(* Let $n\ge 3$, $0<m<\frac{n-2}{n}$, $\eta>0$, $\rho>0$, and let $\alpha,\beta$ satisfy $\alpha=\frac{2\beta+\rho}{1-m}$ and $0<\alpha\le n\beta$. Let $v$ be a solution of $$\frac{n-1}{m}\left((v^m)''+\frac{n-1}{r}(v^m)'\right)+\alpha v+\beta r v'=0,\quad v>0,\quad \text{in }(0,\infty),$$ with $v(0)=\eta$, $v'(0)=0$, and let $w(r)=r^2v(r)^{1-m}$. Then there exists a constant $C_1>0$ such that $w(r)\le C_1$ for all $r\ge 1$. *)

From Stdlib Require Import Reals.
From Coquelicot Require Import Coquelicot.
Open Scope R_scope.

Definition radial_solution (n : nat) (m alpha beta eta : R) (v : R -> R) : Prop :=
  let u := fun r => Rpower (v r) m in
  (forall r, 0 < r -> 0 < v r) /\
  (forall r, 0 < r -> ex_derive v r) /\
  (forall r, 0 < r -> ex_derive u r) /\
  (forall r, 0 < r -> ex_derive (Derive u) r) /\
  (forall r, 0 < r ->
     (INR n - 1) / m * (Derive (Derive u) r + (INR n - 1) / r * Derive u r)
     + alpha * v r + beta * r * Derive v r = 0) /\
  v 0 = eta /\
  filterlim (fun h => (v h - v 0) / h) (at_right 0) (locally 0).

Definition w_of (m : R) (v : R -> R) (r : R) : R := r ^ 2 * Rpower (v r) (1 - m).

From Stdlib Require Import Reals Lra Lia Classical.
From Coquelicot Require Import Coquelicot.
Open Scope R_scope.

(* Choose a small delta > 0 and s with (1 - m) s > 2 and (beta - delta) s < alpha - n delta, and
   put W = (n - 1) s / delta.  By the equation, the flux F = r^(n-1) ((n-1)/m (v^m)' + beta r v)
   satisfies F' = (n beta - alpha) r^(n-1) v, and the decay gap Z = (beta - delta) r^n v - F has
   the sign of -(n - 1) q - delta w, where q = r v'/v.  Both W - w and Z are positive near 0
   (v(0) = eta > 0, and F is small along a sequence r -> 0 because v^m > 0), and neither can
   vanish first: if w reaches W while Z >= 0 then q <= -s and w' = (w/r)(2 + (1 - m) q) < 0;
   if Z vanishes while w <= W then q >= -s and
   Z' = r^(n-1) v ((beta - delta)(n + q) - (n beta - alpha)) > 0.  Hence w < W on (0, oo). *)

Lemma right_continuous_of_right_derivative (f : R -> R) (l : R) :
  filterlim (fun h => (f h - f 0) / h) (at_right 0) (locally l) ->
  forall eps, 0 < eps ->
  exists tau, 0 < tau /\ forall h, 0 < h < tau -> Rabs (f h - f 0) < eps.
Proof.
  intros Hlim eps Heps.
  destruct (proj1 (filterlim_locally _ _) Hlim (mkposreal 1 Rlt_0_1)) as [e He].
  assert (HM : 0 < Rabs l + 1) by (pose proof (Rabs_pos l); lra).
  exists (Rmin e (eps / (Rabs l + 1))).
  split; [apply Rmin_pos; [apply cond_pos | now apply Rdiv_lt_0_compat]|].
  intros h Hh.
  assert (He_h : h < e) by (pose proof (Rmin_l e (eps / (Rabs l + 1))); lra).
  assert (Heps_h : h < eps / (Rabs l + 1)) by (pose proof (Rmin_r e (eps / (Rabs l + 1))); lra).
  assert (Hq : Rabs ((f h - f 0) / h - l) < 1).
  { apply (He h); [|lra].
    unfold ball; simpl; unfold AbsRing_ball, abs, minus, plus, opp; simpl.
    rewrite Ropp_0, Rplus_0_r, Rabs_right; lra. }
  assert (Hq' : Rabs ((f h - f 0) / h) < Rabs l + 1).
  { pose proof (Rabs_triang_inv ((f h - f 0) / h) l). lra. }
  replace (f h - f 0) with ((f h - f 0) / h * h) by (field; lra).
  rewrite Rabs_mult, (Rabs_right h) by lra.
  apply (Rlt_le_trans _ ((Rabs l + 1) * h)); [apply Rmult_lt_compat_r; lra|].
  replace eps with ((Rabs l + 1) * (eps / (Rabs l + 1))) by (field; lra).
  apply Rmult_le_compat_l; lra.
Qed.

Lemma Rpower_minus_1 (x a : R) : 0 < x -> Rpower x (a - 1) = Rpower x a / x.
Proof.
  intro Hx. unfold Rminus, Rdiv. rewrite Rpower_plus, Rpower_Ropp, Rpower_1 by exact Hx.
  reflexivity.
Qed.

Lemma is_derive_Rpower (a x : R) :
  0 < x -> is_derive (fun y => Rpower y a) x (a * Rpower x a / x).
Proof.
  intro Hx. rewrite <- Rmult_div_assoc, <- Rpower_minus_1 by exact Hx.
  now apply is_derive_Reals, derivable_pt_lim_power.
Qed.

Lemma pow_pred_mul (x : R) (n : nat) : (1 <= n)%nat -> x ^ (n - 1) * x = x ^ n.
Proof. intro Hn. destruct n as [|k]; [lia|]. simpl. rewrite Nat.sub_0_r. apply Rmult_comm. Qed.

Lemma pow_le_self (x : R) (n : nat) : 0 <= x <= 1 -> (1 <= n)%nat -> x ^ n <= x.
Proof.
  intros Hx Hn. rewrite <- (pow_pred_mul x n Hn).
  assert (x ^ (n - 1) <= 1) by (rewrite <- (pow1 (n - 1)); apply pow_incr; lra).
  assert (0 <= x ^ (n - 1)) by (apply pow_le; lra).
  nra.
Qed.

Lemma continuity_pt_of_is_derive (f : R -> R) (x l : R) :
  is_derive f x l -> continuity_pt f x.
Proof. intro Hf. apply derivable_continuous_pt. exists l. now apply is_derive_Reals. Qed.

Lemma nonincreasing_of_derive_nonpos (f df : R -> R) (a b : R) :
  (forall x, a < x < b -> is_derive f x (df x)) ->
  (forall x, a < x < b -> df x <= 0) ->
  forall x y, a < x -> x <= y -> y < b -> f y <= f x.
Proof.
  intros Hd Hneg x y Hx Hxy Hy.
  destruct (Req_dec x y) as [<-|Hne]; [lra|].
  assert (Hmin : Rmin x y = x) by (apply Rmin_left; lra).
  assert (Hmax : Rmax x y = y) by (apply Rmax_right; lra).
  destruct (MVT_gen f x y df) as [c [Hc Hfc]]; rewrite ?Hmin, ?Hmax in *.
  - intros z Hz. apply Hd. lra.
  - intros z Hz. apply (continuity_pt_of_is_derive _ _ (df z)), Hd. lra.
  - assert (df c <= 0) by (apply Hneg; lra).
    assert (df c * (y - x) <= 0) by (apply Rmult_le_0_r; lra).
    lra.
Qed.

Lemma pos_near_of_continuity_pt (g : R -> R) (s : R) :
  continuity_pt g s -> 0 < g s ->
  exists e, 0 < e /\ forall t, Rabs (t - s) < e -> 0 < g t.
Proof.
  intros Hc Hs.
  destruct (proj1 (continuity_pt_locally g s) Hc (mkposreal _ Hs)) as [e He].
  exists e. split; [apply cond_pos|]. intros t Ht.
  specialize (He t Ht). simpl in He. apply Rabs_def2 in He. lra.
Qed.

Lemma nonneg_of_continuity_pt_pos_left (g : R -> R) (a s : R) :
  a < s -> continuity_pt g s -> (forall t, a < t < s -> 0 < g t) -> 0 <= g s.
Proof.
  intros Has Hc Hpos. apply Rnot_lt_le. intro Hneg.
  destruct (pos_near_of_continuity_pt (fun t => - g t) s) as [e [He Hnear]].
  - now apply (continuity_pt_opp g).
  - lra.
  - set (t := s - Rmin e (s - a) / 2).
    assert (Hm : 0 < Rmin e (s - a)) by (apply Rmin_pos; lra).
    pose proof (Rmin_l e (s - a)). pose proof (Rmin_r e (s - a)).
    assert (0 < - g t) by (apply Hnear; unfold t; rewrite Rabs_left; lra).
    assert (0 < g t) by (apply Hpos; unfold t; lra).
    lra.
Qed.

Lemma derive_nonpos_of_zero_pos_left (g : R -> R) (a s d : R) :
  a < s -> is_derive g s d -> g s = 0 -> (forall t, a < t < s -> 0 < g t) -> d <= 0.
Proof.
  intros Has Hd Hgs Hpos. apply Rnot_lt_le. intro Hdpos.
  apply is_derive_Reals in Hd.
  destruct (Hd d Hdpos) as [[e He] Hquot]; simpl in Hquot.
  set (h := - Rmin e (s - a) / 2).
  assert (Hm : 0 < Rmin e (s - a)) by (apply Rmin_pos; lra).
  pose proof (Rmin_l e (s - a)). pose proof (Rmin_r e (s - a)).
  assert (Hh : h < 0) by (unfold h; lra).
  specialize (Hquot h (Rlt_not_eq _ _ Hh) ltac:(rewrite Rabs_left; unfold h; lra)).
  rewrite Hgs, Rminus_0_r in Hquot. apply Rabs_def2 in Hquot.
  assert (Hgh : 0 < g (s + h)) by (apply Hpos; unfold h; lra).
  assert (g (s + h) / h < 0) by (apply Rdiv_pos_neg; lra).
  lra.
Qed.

**Problem to solve:** Scan the listing above and tally the lines that include the string "replace". Write the total and nothing more.

**Response to this exercise:** 2